*** Data shown Section Begins ***
(* For every t-relation $r\subseteq\mathcal{D}$, every initial preference formula $F$, and every sequence $X\in\{\mathsf{T},\mathsf{S}\}^*$, we have $\mathrm{Best}_{\succ_{X\mathsf{S}}}(r)\subseteq \mathrm{Best}_{\succ_{X}}(r)$.
   Context: Fix attribute–taxonomy pairs $A_1{:}T_1,\dots,A_d{:}T_d$ with distinct attribute names, where each taxonomy $T_i=(V_i,\le_{V_i})$ is a poset. A t-tuple over a t-schema $S\subseteq\{A_1{:}T_1,\dots,A_d{:}T_d\}$ maps each $A_i$ in $S$ to a value of $V_i$; $\mathcal{D}$ is the set of all t-tuples over all such t-schemas, and a t-relation is a finite set of t-tuples. A preference relation is a binary relation $\succeq$ on $\mathcal{D}$; its strict part is $t_1\succ t_2$ iff $t_1\succeq t_2$ and not $t_2\succeq t_1$. Preferences are given by a formula $F(x,y)=\bigvee_i P_i(x,y)$, a disjunction of statements; each statement $P_i$ is a disjunction of clauses, each clause a satisfiable conjunction of atoms of the forms $x[A_i]\le_{V_i} v$, $x[A_i]\not\le_{V_i} v$, $y[A_i]\le_{V_i} v$, $y[A_i]\not\le_{V_i} v$; the formula induces $t_1\succeq t_2\iff F(t_1,t_2)$. Operator $\mathsf{T}$ maps a formula to one (obtained by adding statements built from composable clause pairs $C_m^b(x)\wedge C_q^w(y)$, where $C^b$ / $C^w$ are the $x$- / $y$-parts of a clause) inducing the transitive closure over $\mathcal{D}$ of the induced relation. Operator $\mathsf{S}$ (specificity-based refinement): repeat rounds; in a round, for each statement $P_i$ let $\mathrm{Impl}(P_i)$ be the set of statements $P_j$ such that $P_j(t_2,t_1)\Rightarrow P_i(t_1,t_2)$ for all $t_1,t_2\in\mathcal{D}$ but not conversely; simultaneously replace every $P_i$ with nonempty $\mathrm{Impl}(P_i)$ by $P_i(x,y)\wedge\bigwedge_{P_j\in \mathrm{Impl}(P_i)}\neg P_j(y,x)$; stop when no $\mathrm{Impl}$ set is nonempty. After each operator, contradictory clauses and statements subsumed by others are removed. For $X\in\{\mathsf{T},\mathsf{S}\}^*$, $\succeq_X$ (with strict part $\succ_X$) is the relation induced by applying the operators of $X$ in order to the initial formula $F$ ($\succeq_\varepsilon=\succeq$). The Best operator is $\mathrm{Best}_\succ(r)=\{t_1\in r\mid \nexists t_2\in r,\ t_2\succ t_1\}$. *)

From mathcomp Require Import ssreflect ssrbool eqtype ssrnat fintype.
From Stdlib Require Import List Relations.

Set Implicit Arguments.
Unset Strict Implicit.

Record taxonomy := Taxonomy {
  tcar : Type;
  tle : tcar -> tcar -> Prop;
  tle_refl : forall v, tle v v;
  tle_antisym : forall v w, tle v w -> tle w v -> v = w;
  tle_trans : forall u v w, tle u v -> tle v w -> tle u w
}.

Section Prefs.
Variable d : nat.
Variable T : 'I_d -> taxonomy.

(* A t-tuple over a t-schema S: for each attribute, Some value if the attribute
   belongs to S, None otherwise.  The type [ttuple] is the set D of all t-tuples
   over all t-schemas. *)
Definition ttuple := forall i : 'I_d, option (tcar (T i)).

(* Atom  z[A_i] <=_{V_i} v  (negated = false) or  z[A_i] not<= v (negated = true),
   where z is x (onx = true) or y (onx = false). *)
Inductive atom := Atom (onx : bool) (i : 'I_d) (negated : bool) (v : tcar (T i)).

Definition atom_onx (a : atom) : bool := let: Atom b _ _ _ := a in b.

Definition atom_sem (a : atom) (x y : ttuple) : Prop :=
  let: Atom b i n v := a in
  let t := if b then x else y in
  let p := match t i with Some w => tle w v | None => False end in
  if n then ~ p else p.

Definition clause := list atom.
Definition statement := list clause.
Definition formula := list statement.

Definition clause_sem (c : clause) (x y : ttuple) : Prop :=
  List.Forall (fun a => atom_sem a x y) c.
Definition stmt_sem (s : statement) (x y : ttuple) : Prop :=
  List.Exists (fun c => clause_sem c x y) s.
Definition form_sem (f : formula) (x y : ttuple) : Prop :=
  List.Exists (fun s => stmt_sem s x y) f.

Definition xpart (c : clause) : clause := List.filter atom_onx c.
Definition ypart (c : clause) : clause := List.filter (fun a => ~~ atom_onx a) c.

Definition satisfiable (c : clause) : Prop := exists x y, clause_sem c x y.

Definition wf_formula (f : formula) : Prop :=
  forall s, List.In s f -> forall c, List.In c s -> satisfiable c.

Definition strict (R : ttuple -> ttuple -> Prop) (t1 t2 : ttuple) : Prop :=
  R t1 t2 /\ ~ R t2 t1.

Definition subsumed (s1 s2 : statement) : Prop :=
  forall x y, stmt_sem s1 x y -> stmt_sem s2 x y.

Inductive cleanup_step : formula -> formula -> Prop :=
  | cs_clause (f1 f2 : formula) (s1 s2 : statement) (c : clause) :
      ~ satisfiable c ->
      cleanup_step (f1 ++ (s1 ++ c :: s2) :: f2) (f1 ++ (s1 ++ s2) :: f2)
  | cs_stmt (f1 f2 : formula) (s : statement) :
      (exists s', List.In s' (f1 ++ f2) /\ subsumed s s') ->
      cleanup_step (f1 ++ s :: f2) (f1 ++ f2).

Definition clean (f : formula) : Prop :=
  (forall s, List.In s f -> forall c, List.In c s -> satisfiable c) /\
  (forall f1 f2 s, f = f1 ++ s :: f2 ->
     ~ exists s', List.In s' (f1 ++ f2) /\ subsumed s s').

Definition cleanup (f g : formula) : Prop :=
  clos_refl_trans formula cleanup_step f g /\ clean g.

Definition opT (f g : formula) : Prop :=
  exists extra : formula,
    (forall s, List.In s extra -> forall c, List.In c s ->
       exists s1 c1 s2 c2, List.In s1 f /\ List.In c1 s1 /\
                           List.In s2 f /\ List.In c2 s2 /\
                           c = xpart c1 ++ ypart c2) /\
    (forall x y, form_sem (f ++ extra) x y <-> clos_trans ttuple (form_sem f) x y) /\
    cleanup (f ++ extra) g.

Definition impl (Pi Pj : statement) : Prop :=
  (forall t1 t2, stmt_sem Pj t2 t1 -> stmt_sem Pi t1 t2) /\
  ~ (forall t1 t2, stmt_sem Pi t1 t2 -> stmt_sem Pj t2 t1).

Definition has_impl (f : formula) (Pi : statement) : Prop :=
  exists Pj, List.In Pj f /\ impl Pi Pj.

(* One round of S: simultaneously replace every P_i with nonempty Impl(P_i) by
   (a clause-form rendering of) P_i(x,y) /\ /\_{P_j in Impl(P_i)} ~P_j(y,x). *)
Definition S_round (f g : formula) : Prop :=
  length g = length f /\
  forall k, k < length f ->
    let Pi := List.nth k f nil in
    let Qi := List.nth k g nil in
    (has_impl f Pi ->
       forall x y, stmt_sem Qi x y <->
         (stmt_sem Pi x y /\ forall Pj, List.In Pj f -> impl Pi Pj -> ~ stmt_sem Pj y x)) /\
    (~ has_impl f Pi -> Qi = Pi).

Definition S_step (f g : formula) : Prop :=
  exists h, S_round f h /\ cleanup h g.

Definition no_impl (f : formula) : Prop :=
  forall Pi, List.In Pi f -> ~ has_impl f Pi.

Definition opS (f g : formula) : Prop :=
  clos_refl_trans formula S_step f g /\ no_impl g.

Inductive op := OpT | OpS.

Definition op_rel (o : op) : formula -> formula -> Prop :=
  match o with OpT => opT | OpS => opS end.

Inductive derives (F : formula) : list op -> formula -> Prop :=
  | der_nil : derives F nil F
  | der_snoc (X : list op) (G H : formula) (o : op) :
      derives F X G -> op_rel o G H -> derives F (X ++ o :: nil) H.

Definition Best (R : ttuple -> ttuple -> Prop) (r : list ttuple) (t1 : ttuple) : Prop :=
  List.In t1 r /\ ~ exists t2, List.In t2 r /\ R t2 t1.

End Prefs.

(* Each round of S replaces a statement P_i by P_i(x,y) /\ ~P_j(y,x) only for
   statements P_j with P_j(y,x) => P_i(x,y).  The weak relation can therefore only
   shrink, while a strict pair (t1,t2) survives: it satisfies some P_i(t1,t2) and,
   since t2 is not preferred to t1, no P_j(t2,t1).  Clean-up does not change the
   induced relation.  Hence the strict part only grows under S, and Best, being
   antitone in the strict relation, can only shrink. *)
From mathcomp Require Import ssreflect ssrbool eqtype ssrnat fintype.
From Stdlib Require Import List Relations Classical.

Section Refinement.
Variable d : nat.
Variable T : 'I_d -> taxonomy.

Lemma form_sem_app (f1 f2 : formula T) x y :
  form_sem (f1 ++ f2) x y <-> form_sem f1 x y \/ form_sem f2 x y.
Proof. exact: Exists_app. Qed.

Lemma form_sem_cons (s : statement T) (f : formula T) x y :
  form_sem (s :: f) x y <-> stmt_sem s x y \/ form_sem f x y.
Proof. exact: Exists_cons. Qed.

Lemma stmt_sem_app (s1 s2 : statement T) x y :
  stmt_sem (s1 ++ s2) x y <-> stmt_sem s1 x y \/ stmt_sem s2 x y.
Proof. exact: Exists_app. Qed.

Lemma stmt_sem_cons (c : clause T) (s : statement T) x y :
  stmt_sem (c :: s) x y <-> clause_sem c x y \/ stmt_sem s x y.
Proof. exact: Exists_cons. Qed.

Lemma cleanup_step_sem {f g : formula T} : cleanup_step f g ->
  forall x y, form_sem f x y <-> form_sem g x y.
Proof.
case=> [f1 f2 s1 s2 c c_unsat | f1 f2 s [s' [s'_in s_sub]]] x y.
- have c_false : ~ clause_sem c x y by move=> cxy; apply: c_unsat; exists x, y.
  rewrite !form_sem_app !form_sem_cons !stmt_sem_app !stmt_sem_cons; tauto.
- rewrite !form_sem_app form_sem_cons; split; last tauto.
  case=> [|[sxy|]]; try tauto.
  have : form_sem (f1 ++ f2) x y by apply/Exists_exists; exists s'; auto.
  rewrite form_sem_app; tauto.
Qed.

Lemma cleanup_steps_sem {f g : formula T} :
  clos_refl_trans _ (@cleanup_step d T) f g ->
  forall x y, form_sem f x y <-> form_sem g x y.
Proof.
elim=> [a b /cleanup_step_sem // | a | a b c _ IHab _ IHbc] x y; first tauto.
by rewrite IHab IHbc.
Qed.

Lemma S_round_sub {f g : formula T} : S_round f g ->
  forall x y, form_sem g x y -> form_sem f x y.
Proof.
move=> [len_eq round] x y /Exists_exists [Q [Q_in Qxy]].
have [k [k_lt Q_def]] := In_nth _ _ nil Q_in.
have k_lt_f : k < length f by apply/ltP; rewrite -len_eq.
have [refined kept] := round k k_lt_f.
apply/Exists_exists; exists (nth k f nil); split.
  by apply: nth_In; rewrite -len_eq.
rewrite -Q_def in Qxy.
case: (classic (has_impl f (nth k f nil))) => [has | hasn't].
- by case: (proj1 (refined has x y) Qxy).
- by rewrite -(kept hasn't).
Qed.

Lemma S_round_strict {f g : formula T} : S_round f g ->
  forall {x y}, strict (form_sem f) x y -> strict (form_sem g) x y.
Proof.
move=> Hround x y [fxy not_fyx]; split; last first.
  by move=> gyx; apply: not_fyx; exact: S_round_sub Hround y x gyx.
case: Hround => [len_eq round].
move: fxy => /Exists_exists [P [P_in Pxy]].
have [k [k_lt P_def]] := In_nth _ _ nil P_in.
have [refined kept] := round k (introT ltP k_lt).
apply/Exists_exists; exists (nth k g nil); split.
  by apply: nth_In; rewrite len_eq.
rewrite -P_def in Pxy.
case: (classic (has_impl f (nth k f nil))) => [has | hasn't].
- apply/(refined has x y); split => // Pj Pj_in _ Pjyx.
  by apply: not_fyx; apply/Exists_exists; exists Pj.
- by rewrite (kept hasn't).
Qed.

Lemma S_step_strict {f g : formula T} : S_step f g ->
  forall {x y}, strict (form_sem f) x y -> strict (form_sem g) x y.
Proof.
move=> [h [Hround [Hsteps _]]] x y fxy.
have [hxy not_hyx] := S_round_strict Hround fxy.
by split; rewrite -(cleanup_steps_sem Hsteps).
Qed.

Lemma opS_strict {f g : formula T} : opS f g ->
  forall {x y}, strict (form_sem f) x y -> strict (form_sem g) x y.
Proof.
case=> steps _; elim: steps => [a b /S_step_strict // | // | a b c _ IHab _ IHbc] x y.
by move=> /IHab /IHbc.
Qed.

Lemma Best_antimono (R R' : ttuple T -> ttuple T -> Prop) (r : list (ttuple T)) :
  (forall x y, R x y -> R' x y) -> forall t, Best R' r t -> Best R r t.
Proof.
move=> RR' t [t_in not_dominated]; split => // [[t' [t'_in Rt't]]].
by apply: not_dominated; exists t'; split; last exact: RR'.
Qed.

End Refinement.

(* The inclusion holds for an arbitrary formula G. *)
Theorem mainTheorem1 (d : nat) (T : 'I_d -> taxonomy) (F : formula T)
  (X : list op) (G H : formula T) (r : list (ttuple T)) :
  wf_formula F ->
  derives F X G ->
  opS G H ->
  forall t, Best (strict (form_sem H)) r t -> Best (strict (form_sem G)) r t.
Proof.
move=> _ _ GH; apply: Best_antimono; exact: opS_strict GH.
Qed.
*** Data shown Section Ends ***
**What is being asked:**
Return only the lines between the one holding "tle_trans : forall" and the one holding "List.Forall (fun a => atom_sem a x y) c.", inclusive, exactly as they appear above.

**Task answer:**
  tle_trans : forall u v w, tle u v -> tle v w -> tle u w
}.

Section Prefs.
Variable d : nat.
Variable T : 'I_d -> taxonomy.

(* A t-tuple over a t-schema S: for each attribute, Some value if the attribute
   belongs to S, None otherwise.  The type [ttuple] is the set D of all t-tuples
   over all t-schemas. *)
Definition ttuple := forall i : 'I_d, option (tcar (T i)).

(* Atom  z[A_i] <=_{V_i} v  (negated = false) or  z[A_i] not<= v (negated = true),
   where z is x (onx = true) or y (onx = false). *)
Inductive atom := Atom (onx : bool) (i : 'I_d) (negated : bool) (v : tcar (T i)).

Definition atom_onx (a : atom) : bool := let: Atom b _ _ _ := a in b.

Definition atom_sem (a : atom) (x y : ttuple) : Prop :=
  let: Atom b i n v := a in
  let t := if b then x else y in
  let p := match t i with Some w => tle w v | None => False end in
  if n then ~ p else p.

Definition clause := list atom.
Definition statement := list clause.
Definition formula := list statement.

Definition clause_sem (c : clause) (x y : ttuple) : Prop :=
  List.Forall (fun a => atom_sem a x y) c.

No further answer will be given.